RECORDED INFORMATION >>
◆ ◆ ◆ ◆ ◆ ◆ ◆

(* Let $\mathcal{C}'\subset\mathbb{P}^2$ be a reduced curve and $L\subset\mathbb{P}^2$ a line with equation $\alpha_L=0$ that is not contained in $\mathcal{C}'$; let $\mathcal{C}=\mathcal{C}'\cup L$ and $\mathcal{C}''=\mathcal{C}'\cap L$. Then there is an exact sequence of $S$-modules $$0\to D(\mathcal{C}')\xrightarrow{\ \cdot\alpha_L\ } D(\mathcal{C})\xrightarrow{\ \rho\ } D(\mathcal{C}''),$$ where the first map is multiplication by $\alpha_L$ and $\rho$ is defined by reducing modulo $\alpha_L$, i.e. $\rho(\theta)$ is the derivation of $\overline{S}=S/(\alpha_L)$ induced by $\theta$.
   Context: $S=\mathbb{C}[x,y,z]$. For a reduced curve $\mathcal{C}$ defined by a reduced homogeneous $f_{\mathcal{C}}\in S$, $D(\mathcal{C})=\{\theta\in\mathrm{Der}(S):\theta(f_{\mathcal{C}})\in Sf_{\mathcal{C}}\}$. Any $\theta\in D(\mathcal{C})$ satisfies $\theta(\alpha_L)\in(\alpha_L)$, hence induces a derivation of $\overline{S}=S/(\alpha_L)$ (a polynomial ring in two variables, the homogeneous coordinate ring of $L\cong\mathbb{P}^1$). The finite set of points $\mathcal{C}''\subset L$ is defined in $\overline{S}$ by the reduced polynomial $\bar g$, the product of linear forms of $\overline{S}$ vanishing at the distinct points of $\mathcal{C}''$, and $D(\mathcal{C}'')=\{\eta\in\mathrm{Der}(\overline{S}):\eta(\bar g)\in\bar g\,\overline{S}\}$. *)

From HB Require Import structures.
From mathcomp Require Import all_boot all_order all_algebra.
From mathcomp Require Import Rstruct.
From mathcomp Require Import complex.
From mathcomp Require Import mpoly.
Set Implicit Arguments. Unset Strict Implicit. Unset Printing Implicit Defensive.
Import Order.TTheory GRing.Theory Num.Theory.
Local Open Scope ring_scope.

◆ ◆ ◆ ◆ ◆ ◆ ◆

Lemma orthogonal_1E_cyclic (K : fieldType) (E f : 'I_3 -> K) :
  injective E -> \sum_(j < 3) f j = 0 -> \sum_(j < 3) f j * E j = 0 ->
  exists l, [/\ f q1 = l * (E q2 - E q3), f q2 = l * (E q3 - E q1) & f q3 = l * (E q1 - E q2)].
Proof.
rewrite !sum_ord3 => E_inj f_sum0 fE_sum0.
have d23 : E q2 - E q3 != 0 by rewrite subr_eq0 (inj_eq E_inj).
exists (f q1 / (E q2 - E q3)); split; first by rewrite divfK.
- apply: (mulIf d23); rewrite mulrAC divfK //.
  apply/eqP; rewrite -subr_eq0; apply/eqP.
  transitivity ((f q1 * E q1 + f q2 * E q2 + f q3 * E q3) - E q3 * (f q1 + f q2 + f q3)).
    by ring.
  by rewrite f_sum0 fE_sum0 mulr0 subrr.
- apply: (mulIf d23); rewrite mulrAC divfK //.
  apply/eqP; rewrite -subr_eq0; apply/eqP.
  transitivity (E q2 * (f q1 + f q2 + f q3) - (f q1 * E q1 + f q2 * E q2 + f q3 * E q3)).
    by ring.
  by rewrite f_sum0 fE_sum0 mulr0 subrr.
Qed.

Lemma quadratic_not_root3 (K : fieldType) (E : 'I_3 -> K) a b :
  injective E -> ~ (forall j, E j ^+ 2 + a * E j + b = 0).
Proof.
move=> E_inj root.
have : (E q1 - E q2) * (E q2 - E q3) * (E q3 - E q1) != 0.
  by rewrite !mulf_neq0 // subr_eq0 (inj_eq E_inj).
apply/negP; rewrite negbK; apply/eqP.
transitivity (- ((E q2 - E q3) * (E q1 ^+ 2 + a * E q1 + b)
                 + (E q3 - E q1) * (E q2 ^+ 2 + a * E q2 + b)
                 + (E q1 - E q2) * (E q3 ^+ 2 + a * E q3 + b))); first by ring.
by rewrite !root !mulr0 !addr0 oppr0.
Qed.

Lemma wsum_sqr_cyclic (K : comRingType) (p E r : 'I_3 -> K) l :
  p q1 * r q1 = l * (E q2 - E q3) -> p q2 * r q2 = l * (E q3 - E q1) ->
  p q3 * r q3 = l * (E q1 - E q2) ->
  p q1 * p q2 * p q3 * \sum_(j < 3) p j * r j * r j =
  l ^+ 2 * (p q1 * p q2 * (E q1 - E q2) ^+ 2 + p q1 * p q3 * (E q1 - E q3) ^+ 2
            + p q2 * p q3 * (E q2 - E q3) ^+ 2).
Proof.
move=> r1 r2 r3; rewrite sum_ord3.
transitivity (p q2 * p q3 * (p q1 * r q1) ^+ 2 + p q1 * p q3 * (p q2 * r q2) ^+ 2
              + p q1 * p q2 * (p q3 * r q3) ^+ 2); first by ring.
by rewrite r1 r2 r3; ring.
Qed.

◆ ◆ ◆ ◆ ◆ ◆ ◆

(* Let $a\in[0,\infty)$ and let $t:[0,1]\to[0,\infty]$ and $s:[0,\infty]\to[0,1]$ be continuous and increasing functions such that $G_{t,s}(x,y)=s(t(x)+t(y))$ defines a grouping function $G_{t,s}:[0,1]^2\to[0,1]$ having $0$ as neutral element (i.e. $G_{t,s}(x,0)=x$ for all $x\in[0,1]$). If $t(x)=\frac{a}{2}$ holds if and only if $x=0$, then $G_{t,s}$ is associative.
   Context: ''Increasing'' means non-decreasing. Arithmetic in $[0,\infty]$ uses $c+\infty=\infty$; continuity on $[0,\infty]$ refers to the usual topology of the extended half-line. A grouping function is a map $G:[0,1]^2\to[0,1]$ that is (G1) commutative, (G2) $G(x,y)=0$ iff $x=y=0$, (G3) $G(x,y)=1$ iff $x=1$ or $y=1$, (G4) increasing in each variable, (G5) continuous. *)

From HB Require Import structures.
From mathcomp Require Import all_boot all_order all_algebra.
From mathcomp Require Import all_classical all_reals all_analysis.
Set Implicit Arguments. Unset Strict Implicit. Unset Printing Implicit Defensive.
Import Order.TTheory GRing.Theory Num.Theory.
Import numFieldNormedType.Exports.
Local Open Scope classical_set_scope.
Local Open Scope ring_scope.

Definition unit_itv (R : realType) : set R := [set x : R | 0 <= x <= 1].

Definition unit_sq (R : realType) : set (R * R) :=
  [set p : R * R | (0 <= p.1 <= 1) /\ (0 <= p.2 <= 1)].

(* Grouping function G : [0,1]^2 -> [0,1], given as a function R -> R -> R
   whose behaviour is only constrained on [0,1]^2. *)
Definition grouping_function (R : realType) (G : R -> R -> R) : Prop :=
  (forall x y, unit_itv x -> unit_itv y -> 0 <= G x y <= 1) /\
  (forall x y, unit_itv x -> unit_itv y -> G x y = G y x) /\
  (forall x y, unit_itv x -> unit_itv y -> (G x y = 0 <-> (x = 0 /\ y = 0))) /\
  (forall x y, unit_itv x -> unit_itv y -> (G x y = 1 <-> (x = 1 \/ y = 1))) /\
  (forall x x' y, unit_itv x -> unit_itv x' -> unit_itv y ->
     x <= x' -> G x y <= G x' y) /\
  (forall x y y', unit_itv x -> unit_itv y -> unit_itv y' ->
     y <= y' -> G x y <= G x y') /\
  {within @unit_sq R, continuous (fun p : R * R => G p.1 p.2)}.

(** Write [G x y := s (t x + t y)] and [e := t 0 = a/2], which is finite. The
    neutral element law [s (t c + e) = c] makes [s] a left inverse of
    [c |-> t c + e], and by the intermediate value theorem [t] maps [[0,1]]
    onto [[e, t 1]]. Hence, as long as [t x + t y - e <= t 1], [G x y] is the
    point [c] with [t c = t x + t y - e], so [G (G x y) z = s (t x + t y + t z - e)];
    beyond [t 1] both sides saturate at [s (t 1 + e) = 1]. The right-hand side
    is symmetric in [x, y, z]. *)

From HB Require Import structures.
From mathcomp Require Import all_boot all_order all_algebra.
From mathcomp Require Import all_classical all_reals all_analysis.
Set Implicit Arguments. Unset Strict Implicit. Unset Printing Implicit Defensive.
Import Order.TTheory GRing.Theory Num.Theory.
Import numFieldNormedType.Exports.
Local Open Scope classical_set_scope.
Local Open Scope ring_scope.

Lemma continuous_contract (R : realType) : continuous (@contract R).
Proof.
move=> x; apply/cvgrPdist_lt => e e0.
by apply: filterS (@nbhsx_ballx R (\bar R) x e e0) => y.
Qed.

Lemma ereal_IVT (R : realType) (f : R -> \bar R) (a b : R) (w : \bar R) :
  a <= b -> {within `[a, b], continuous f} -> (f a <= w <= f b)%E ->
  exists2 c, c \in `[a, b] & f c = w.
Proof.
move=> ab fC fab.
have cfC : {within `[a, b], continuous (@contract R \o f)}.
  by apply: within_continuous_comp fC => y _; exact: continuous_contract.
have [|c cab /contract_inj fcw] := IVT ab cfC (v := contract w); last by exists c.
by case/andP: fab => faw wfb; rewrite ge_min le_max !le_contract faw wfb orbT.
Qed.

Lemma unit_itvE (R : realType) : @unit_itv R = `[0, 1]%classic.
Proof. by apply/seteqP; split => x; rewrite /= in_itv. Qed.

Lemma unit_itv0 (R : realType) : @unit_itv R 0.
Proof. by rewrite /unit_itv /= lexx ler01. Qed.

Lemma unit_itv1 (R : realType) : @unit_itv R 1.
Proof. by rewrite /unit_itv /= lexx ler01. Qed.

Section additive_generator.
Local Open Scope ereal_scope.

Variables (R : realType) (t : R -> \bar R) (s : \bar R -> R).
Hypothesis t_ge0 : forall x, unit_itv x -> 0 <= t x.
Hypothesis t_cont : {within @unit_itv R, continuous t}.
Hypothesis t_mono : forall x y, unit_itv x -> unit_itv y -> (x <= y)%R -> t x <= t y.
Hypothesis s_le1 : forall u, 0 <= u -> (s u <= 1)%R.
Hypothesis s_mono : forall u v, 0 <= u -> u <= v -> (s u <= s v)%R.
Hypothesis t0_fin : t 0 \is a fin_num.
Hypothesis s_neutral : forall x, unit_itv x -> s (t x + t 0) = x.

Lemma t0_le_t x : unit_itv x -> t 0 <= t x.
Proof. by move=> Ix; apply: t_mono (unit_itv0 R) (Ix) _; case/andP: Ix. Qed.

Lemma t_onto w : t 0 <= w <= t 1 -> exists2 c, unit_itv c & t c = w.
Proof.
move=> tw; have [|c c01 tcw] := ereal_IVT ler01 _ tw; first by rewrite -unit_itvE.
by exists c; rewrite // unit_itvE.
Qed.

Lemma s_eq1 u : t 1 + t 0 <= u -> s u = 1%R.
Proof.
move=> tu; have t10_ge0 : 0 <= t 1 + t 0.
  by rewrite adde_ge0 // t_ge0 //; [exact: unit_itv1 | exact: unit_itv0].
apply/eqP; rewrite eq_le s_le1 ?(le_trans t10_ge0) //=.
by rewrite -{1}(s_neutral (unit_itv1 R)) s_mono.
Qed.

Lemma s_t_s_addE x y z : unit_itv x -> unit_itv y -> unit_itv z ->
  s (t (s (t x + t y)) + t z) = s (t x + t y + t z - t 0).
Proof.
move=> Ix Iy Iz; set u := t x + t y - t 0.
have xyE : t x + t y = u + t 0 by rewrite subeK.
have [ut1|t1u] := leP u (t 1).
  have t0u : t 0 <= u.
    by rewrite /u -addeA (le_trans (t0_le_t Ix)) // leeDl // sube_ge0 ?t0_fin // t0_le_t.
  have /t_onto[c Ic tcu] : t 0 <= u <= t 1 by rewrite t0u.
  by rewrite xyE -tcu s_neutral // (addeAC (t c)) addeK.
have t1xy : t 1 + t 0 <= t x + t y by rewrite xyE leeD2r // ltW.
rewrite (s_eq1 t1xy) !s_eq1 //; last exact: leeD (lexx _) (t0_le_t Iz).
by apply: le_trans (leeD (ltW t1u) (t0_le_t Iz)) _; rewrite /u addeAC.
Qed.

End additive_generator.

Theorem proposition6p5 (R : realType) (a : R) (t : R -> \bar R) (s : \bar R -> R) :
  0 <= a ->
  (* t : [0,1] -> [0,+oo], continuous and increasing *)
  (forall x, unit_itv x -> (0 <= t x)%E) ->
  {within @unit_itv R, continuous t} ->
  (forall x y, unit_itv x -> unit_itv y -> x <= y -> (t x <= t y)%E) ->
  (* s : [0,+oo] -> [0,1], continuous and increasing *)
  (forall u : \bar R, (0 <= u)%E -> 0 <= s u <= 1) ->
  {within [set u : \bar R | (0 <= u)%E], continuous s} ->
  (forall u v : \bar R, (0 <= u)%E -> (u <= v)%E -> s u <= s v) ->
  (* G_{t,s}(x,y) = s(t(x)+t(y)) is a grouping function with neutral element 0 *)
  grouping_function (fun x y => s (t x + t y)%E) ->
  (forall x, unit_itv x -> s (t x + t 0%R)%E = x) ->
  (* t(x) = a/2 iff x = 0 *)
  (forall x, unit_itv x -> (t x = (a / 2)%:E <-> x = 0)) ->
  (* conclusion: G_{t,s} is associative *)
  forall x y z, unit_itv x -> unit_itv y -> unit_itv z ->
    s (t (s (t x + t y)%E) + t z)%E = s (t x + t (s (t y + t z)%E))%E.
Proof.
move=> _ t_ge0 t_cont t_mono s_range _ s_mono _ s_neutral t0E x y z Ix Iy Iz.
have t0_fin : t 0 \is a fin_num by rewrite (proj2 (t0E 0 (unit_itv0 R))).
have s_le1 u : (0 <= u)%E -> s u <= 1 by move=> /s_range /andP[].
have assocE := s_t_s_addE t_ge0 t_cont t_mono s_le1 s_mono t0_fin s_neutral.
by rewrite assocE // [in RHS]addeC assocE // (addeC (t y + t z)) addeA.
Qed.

◆ ◆ ◆ ◆ ◆ ◆ ◆

Using the listing above, count the lines that contain the word "curve" and state only that number.

2